Start of Data to process

(* (i) If $\mathbf p=\{p_1,\dots,p_n\}$ is an admissible tuple and $\mathsf P=[\partial_{c[j]}p_i]_{1\le i,j\le n}$, then $\partial_k(\mathsf P)=\gamma_k(\mathsf P)$ for all $k=1,\dots,n-1$. (ii) Conversely, let $\mathsf Q=[q_{ij}]\in\mathrm{Mat}(n,\mathbb Q[\mathbf x])$ be invertible, with each $q_{ij}$ homogeneous of degree $j-i$ (so $q_{ij}=0$ if $j<i$), and with $\partial_k(\mathsf Q)=\gamma_k(\mathsf Q)$ for $k=1,\dots,n-1$. Then the tuple $\{q_{1n},\dots,q_{nn}\}$ is admissible and $q_{ij}=\partial_{c[j]}q_{in}$ for all $i,j$.
   Context: $\mathbb Q[\mathbf x]=\mathbb Q[x_1,\dots,x_n]$ with $\deg x_i=1$; $\partial_k=(1-s_k)/(x_k-x_{k+1})$ the divided difference, applied entrywise to matrices; $c[j]=s_js_{j+1}\cdots s_{n-1}$ ($c[n]=\mathrm{id}$) and $\partial_{c[j]}=\partial_j\cdots\partial_{n-1}$. A tuple $\mathbf p=\{p_1,\dots,p_n\}\subset\mathbb Q[\mathbf x]$ is admissible if each $p_j$ is symmetric in $x_1,\dots,x_{n-1}$, homogeneous of degree $n-j$, and $\partial_{c[j]}p_j\in\mathbb Q^\times$. For a matrix $A$ with $n$ columns, $\gamma_k(A)_{ij}=\delta_{j,k+1}A_{ik}$ (the $k$-th column moved to position $k+1$, other entries zero). *)

(* Q[x_1..x_n] is modelled as iterated univariate polynomials:
   mpoly 0 = rat, mpoly (n+1) = {poly (mpoly n)}, the outer variable being x_{n+1}. *)
From HB Require Import structures.
From mathcomp Require Import all_boot all_order all_algebra.
From Stdlib Require Import ClassicalEpsilon.
Set Implicit Arguments. Unset Strict Implicit. Unset Printing Implicit Defensive.
Import Order.TTheory GRing.Theory Num.Theory.
Local Open Scope ring_scope.

Fixpoint mpoly (n : nat) : idomainType :=
  match n with
  | 0 => rat
  | n'.+1 => {poly (mpoly n')}
  end.

(* the variable x_i (1-based, 1 <= i <= n); 0 for out-of-range indices *)
Fixpoint mvar (n : nat) (i : nat) : mpoly n :=
  match n return mpoly n with
  | 0 => 0
  | n'.+1 => if i == n'.+1 then 'X else (mvar n' i)%:P
  end.

Fixpoint msubst (S : comUnitRingType) (v : nat -> S) (n : nat) : mpoly n -> S :=
  match n return mpoly n -> S with
  | 0 => fun c => ratr c
  | n'.+1 => fun p : {poly (mpoly n')} => (map_poly (@msubst S v n') p).[v n'.+1]
  end.

Definition sk (n k : nat) (f : mpoly n) : mpoly n :=
  msubst (fun i => mvar n (if i == k then k.+1 else if i == k.+1 then k else i)) f.

Definition dd (n k : nat) (f : mpoly n) : mpoly n :=
  epsilon (inhabits 0)
    (fun g : mpoly n => (mvar n k - mvar n k.+1) * g = f - sk k f).

(* d_{c[j]} = d_j d_{j+1} ... d_{n-1}  (identity when j = n) *)
Definition dc (n j : nat) (f : mpoly n) : mpoly n :=
  foldr (fun k g => dd k g) f (iota j (n - j)).

(* homogeneous of total degree d (0 is homogeneous of every degree) *)
Fixpoint homog (n : nat) : nat -> mpoly n -> bool :=
  match n return nat -> mpoly n -> bool with
  | 0 => fun d c => (d == 0)%N || (c == 0)
  | n'.+1 => fun d (p : {poly (mpoly n')}) =>
      [forall i : 'I_(size p),
        if (i <= d)%N then homog (d - i) p`_i else p`_i == 0]
  end.

Definition sym_but_last (n : nat) (f : mpoly n) : Prop :=
  forall k : nat, (1 <= k)%N -> (k.+1 <= n.-1)%N -> sk k f = f.

Definition nonzero_const (n : nat) (f : mpoly n) : Prop :=
  exists c : rat, c != 0 /\ f = ratr c.

(* admissible tuple; p i (i : 'I_n, 0-based) stands for p_{i+1} *)
Definition admissible (n : nat) (p : 'I_n -> mpoly n) : Prop :=
  forall i : 'I_n,
    [/\ sym_but_last (p i), homog (n - i.+1) (p i) & nonzero_const (dc i.+1 (p i))].

(* A_{i,m} with 1-based column index m (0 if m is out of range) *)
Definition entry1 (R : nzRingType) (m n : nat) (A : 'M[R]_(m, n)) (i : 'I_m) (c : nat) : R :=
  \sum_(l < n | l.+1 == c) A i l.

(* gamma_k(A)_{ij} = delta_{j,k+1} A_{ik}  (paper's 1-based indices) *)
Definition gamma (R : nzRingType) (m n : nat) (k : nat) (A : 'M[R]_(m, n)) : 'M[R]_(m, n) :=
  \matrix_(i, j) (if j.+1 == k.+1 then entry1 A i k else 0).

(* For f symmetric in x_1, ..., x_{n-1}, the polynomial d_{c[j]} f is s_k-invariant
   for every k <> j - 1: for k <= j - 2 because s_k commutes with d_j, ..., d_{n-1},
   and for k >= j by the braid relation s_{k+1} d_k d_{k+1} h = d_k d_{k+1} h
   (valid when s_k h = h), applied from the inside of d_j ... d_{n-1} outwards.
   Hence d_k d_{c[j]} f equals d_{c[k]} f when j = k + 1 and vanishes otherwise,
   which is (i) entrywise.  Conversely, reading d_k Q = gamma_k(Q) column by column
   gives q_{ij} = d_j q_{i,j+1} and d_k q_{in} = 0, i.e. q_{ij} = d_{c[j]} q_{in}
   and s_k q_{in} = q_{in}; the diagonal entries are homogeneous of degree 0, hence
   rational constants, and nonzero because the triangular matrix Q is invertible. *)
From HB Require Import structures.
From mathcomp Require Import all_boot all_order all_algebra.
From mathcomp Require Import ring zify.
From Stdlib Require Import ClassicalEpsilon.
Import GRing.Theory.
Local Open Scope ring_scope.
Set Implicit Arguments. Unset Strict Implicit. Unset Printing Implicit Defensive.

Lemma mpoly_rat_rmorph n : inhabited {rmorphism rat -> mpoly n}.
Proof.
elim: n => [|n [rho]]; first by constructor; exact: idfun.
by constructor; exact: ((@polyC (mpoly n)) \o rho).
Qed.

Lemma rmorph_ratr m (S : unitRingType) (phi : {rmorphism mpoly m -> S}) c :
  phi (ratr c) = ratr c.
Proof.
have [rho] := mpoly_rat_rmorph m.
by rewrite -(fmorph_eq_rat rho c) -[phi (rho c)]/((phi \o rho) c) fmorph_eq_rat.
Qed.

End of Data to process

**Task to carry out**
Your answer is a single number: how many lines in the listing above hold "admissible"?

**Solution to this task**
4